Start of Block

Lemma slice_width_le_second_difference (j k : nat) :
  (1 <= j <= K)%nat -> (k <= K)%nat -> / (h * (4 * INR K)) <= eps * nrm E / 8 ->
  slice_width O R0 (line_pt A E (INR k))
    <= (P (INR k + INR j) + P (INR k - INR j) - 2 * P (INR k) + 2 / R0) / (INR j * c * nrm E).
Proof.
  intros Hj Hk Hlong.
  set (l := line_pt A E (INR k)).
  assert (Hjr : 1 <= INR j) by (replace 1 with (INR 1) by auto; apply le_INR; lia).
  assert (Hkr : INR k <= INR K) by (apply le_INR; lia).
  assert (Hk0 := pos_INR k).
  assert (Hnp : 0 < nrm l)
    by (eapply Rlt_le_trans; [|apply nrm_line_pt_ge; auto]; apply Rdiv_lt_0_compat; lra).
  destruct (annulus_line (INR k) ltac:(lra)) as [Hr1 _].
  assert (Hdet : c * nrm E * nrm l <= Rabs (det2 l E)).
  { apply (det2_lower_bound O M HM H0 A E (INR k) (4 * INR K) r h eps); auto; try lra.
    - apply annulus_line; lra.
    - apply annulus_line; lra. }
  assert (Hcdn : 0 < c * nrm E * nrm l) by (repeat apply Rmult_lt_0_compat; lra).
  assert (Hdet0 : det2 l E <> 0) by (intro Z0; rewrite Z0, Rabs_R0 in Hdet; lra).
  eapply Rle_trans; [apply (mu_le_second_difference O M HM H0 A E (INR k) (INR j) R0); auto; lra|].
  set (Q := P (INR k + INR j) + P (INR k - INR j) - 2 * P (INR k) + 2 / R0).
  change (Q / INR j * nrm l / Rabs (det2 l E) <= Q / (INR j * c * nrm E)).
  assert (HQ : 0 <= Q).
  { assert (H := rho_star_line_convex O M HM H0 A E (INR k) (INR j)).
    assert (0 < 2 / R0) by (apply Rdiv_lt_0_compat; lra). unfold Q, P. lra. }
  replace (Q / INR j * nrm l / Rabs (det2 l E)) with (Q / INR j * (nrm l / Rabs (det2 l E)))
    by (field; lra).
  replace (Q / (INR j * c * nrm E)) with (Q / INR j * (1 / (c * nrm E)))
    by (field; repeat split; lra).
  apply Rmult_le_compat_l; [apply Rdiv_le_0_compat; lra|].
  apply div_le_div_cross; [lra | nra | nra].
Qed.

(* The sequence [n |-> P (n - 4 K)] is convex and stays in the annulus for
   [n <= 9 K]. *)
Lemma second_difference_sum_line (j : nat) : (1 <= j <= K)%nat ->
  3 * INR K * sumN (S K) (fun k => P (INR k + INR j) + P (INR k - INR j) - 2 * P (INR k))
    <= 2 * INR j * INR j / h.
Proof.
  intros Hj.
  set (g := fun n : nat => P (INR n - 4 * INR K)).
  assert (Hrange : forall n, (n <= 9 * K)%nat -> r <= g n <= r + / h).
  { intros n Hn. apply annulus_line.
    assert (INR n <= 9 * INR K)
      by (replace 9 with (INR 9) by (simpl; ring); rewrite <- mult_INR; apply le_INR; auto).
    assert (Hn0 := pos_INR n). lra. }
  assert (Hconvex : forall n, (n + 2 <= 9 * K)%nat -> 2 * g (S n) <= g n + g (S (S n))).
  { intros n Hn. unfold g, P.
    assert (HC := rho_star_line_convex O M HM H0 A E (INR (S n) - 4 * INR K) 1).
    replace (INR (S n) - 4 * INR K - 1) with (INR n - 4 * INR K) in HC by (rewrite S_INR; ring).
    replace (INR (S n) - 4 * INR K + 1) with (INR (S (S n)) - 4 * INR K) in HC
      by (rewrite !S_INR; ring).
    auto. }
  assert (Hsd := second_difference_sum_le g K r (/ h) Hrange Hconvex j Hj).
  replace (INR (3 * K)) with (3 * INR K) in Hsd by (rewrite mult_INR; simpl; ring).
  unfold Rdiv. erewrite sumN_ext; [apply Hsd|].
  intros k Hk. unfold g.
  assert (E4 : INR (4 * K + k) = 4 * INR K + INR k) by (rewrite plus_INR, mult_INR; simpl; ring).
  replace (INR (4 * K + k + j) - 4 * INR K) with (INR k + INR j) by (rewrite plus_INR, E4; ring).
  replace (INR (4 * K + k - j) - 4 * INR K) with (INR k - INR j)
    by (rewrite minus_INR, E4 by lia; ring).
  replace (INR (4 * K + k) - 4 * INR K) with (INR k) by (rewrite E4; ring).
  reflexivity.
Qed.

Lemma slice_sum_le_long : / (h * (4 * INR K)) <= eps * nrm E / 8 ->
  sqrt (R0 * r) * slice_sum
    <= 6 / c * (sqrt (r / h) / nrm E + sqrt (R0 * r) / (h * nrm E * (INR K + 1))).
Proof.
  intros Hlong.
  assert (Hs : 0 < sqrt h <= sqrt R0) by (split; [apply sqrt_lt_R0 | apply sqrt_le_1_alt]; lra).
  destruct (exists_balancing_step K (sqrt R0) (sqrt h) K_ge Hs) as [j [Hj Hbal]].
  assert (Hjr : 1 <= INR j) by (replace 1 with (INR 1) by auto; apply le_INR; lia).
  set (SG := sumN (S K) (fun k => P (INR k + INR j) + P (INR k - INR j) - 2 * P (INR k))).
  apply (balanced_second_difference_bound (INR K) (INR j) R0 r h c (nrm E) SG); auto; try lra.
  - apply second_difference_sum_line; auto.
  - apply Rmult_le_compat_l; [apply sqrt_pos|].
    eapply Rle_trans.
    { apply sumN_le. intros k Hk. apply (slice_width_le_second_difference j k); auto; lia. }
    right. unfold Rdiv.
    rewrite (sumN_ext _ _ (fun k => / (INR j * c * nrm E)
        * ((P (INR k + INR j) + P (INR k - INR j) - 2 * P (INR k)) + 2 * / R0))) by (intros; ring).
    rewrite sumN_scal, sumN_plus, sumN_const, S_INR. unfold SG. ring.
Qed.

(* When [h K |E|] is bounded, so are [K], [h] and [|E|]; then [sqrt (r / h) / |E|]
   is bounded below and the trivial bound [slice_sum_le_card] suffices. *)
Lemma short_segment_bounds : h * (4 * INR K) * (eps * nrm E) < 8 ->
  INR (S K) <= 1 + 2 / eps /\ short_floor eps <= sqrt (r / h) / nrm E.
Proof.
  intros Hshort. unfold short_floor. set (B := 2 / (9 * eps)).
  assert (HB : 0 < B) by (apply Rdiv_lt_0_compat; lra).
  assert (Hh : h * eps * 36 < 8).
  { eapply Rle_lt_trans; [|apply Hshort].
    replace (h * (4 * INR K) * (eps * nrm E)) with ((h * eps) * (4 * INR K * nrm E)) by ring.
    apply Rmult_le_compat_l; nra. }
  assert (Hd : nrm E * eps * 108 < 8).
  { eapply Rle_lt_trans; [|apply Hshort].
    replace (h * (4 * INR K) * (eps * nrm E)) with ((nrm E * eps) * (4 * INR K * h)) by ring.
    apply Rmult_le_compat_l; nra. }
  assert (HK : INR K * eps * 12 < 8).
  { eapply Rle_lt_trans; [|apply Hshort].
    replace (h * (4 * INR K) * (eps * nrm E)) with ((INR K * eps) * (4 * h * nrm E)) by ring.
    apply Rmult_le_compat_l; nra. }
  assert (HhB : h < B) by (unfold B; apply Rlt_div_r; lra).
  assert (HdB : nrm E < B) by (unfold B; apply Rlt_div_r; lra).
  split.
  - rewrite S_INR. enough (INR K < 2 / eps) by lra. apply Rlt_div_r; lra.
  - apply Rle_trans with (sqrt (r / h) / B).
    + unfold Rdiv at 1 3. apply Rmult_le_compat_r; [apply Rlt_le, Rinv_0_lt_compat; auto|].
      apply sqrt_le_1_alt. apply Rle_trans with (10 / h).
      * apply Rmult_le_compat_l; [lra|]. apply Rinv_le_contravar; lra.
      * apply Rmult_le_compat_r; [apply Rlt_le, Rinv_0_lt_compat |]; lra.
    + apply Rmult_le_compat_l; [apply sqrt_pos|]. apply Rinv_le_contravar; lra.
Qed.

End of Block

> _Problem requirements_
Please print verbatim each line from the first line of the entries above to the line that contains "assert (Hnp : 0 < nrm l)", inclusive, and nothing more.

> _Finished task_
Lemma slice_width_le_second_difference (j k : nat) :
  (1 <= j <= K)%nat -> (k <= K)%nat -> / (h * (4 * INR K)) <= eps * nrm E / 8 ->
  slice_width O R0 (line_pt A E (INR k))
    <= (P (INR k + INR j) + P (INR k - INR j) - 2 * P (INR k) + 2 / R0) / (INR j * c * nrm E).
Proof.
  intros Hj Hk Hlong.
  set (l := line_pt A E (INR k)).
  assert (Hjr : 1 <= INR j) by (replace 1 with (INR 1) by auto; apply le_INR; lia).
  assert (Hkr : INR k <= INR K) by (apply le_INR; lia).
  assert (Hk0 := pos_INR k).
  assert (Hnp : 0 < nrm l)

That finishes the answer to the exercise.